+++ SOURCE MATERIAL +++
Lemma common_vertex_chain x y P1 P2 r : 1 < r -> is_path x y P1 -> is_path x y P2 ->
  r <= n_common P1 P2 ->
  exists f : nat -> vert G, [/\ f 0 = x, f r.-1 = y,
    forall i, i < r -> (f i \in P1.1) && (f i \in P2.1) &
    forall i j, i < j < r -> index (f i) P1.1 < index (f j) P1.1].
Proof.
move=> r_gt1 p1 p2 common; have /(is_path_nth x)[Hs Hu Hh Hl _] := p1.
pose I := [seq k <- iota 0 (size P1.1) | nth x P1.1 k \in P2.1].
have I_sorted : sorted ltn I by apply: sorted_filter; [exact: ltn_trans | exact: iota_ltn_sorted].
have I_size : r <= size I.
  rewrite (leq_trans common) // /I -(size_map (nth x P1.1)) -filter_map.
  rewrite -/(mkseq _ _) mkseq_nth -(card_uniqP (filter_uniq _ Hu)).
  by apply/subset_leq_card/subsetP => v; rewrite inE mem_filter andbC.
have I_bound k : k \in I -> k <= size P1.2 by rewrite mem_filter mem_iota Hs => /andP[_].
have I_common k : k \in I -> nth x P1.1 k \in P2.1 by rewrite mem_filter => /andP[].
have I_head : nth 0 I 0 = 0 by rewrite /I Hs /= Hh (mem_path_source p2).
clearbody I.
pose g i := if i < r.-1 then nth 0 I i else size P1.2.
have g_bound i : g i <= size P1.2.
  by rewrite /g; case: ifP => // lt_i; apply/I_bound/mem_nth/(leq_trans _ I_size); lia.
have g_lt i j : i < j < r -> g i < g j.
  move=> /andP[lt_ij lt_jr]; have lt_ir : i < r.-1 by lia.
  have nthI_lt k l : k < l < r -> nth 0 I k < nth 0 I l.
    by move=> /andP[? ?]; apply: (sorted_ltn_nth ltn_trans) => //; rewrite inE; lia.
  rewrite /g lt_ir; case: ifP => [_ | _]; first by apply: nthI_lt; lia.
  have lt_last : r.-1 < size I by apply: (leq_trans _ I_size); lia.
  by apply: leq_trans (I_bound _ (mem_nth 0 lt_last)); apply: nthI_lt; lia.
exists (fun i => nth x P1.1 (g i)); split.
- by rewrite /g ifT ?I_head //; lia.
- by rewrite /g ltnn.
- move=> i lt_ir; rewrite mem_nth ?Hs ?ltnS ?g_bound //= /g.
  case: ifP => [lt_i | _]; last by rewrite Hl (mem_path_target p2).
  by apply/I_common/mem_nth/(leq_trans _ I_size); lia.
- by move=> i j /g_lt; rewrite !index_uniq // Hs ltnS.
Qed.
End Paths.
+++
WHAT THE EXERCISE ASKS> A word-for-word restatement of the data above is required.

EXPECTED ANSWER>
Lemma common_vertex_chain x y P1 P2 r : 1 < r -> is_path x y P1 -> is_path x y P2 ->
  r <= n_common P1 P2 ->
  exists f : nat -> vert G, [/\ f 0 = x, f r.-1 = y,
    forall i, i < r -> (f i \in P1.1) && (f i \in P2.1) &
    forall i j, i < j < r -> index (f i) P1.1 < index (f j) P1.1].
Proof.
move=> r_gt1 p1 p2 common; have /(is_path_nth x)[Hs Hu Hh Hl _] := p1.
pose I := [seq k <- iota 0 (size P1.1) | nth x P1.1 k \in P2.1].
have I_sorted : sorted ltn I by apply: sorted_filter; [exact: ltn_trans | exact: iota_ltn_sorted].
have I_size : r <= size I.
  rewrite (leq_trans common) // /I -(size_map (nth x P1.1)) -filter_map.
  rewrite -/(mkseq _ _) mkseq_nth -(card_uniqP (filter_uniq _ Hu)).
  by apply/subset_leq_card/subsetP => v; rewrite inE mem_filter andbC.
have I_bound k : k \in I -> k <= size P1.2 by rewrite mem_filter mem_iota Hs => /andP[_].
have I_common k : k \in I -> nth x P1.1 k \in P2.1 by rewrite mem_filter => /andP[].
have I_head : nth 0 I 0 = 0 by rewrite /I Hs /= Hh (mem_path_source p2).
clearbody I.
pose g i := if i < r.-1 then nth 0 I i else size P1.2.
have g_bound i : g i <= size P1.2.
  by rewrite /g; case: ifP => // lt_i; apply/I_bound/mem_nth/(leq_trans _ I_size); lia.
have g_lt i j : i < j < r -> g i < g j.
  move=> /andP[lt_ij lt_jr]; have lt_ir : i < r.-1 by lia.
  have nthI_lt k l : k < l < r -> nth 0 I k < nth 0 I l.
    by move=> /andP[? ?]; apply: (sorted_ltn_nth ltn_trans) => //; rewrite inE; lia.
  rewrite /g lt_ir; case: ifP => [_ | _]; first by apply: nthI_lt; lia.
  have lt_last : r.-1 < size I by apply: (leq_trans _ I_size); lia.
  by apply: leq_trans (I_bound _ (mem_nth 0 lt_last)); apply: nthI_lt; lia.
exists (fun i => nth x P1.1 (g i)); split.
- by rewrite /g ifT ?I_head //; lia.
- by rewrite /g ltnn.
- move=> i lt_ir; rewrite mem_nth ?Hs ?ltnS ?g_bound //= /g.
  case: ifP => [lt_i | _]; last by rewrite Hl (mem_path_target p2).
  by apply/I_common/mem_nth/(leq_trans _ I_size); lia.
- by move=> i j /g_lt; rewrite !index_uniq // Hs ltnS.
Qed.
End Paths.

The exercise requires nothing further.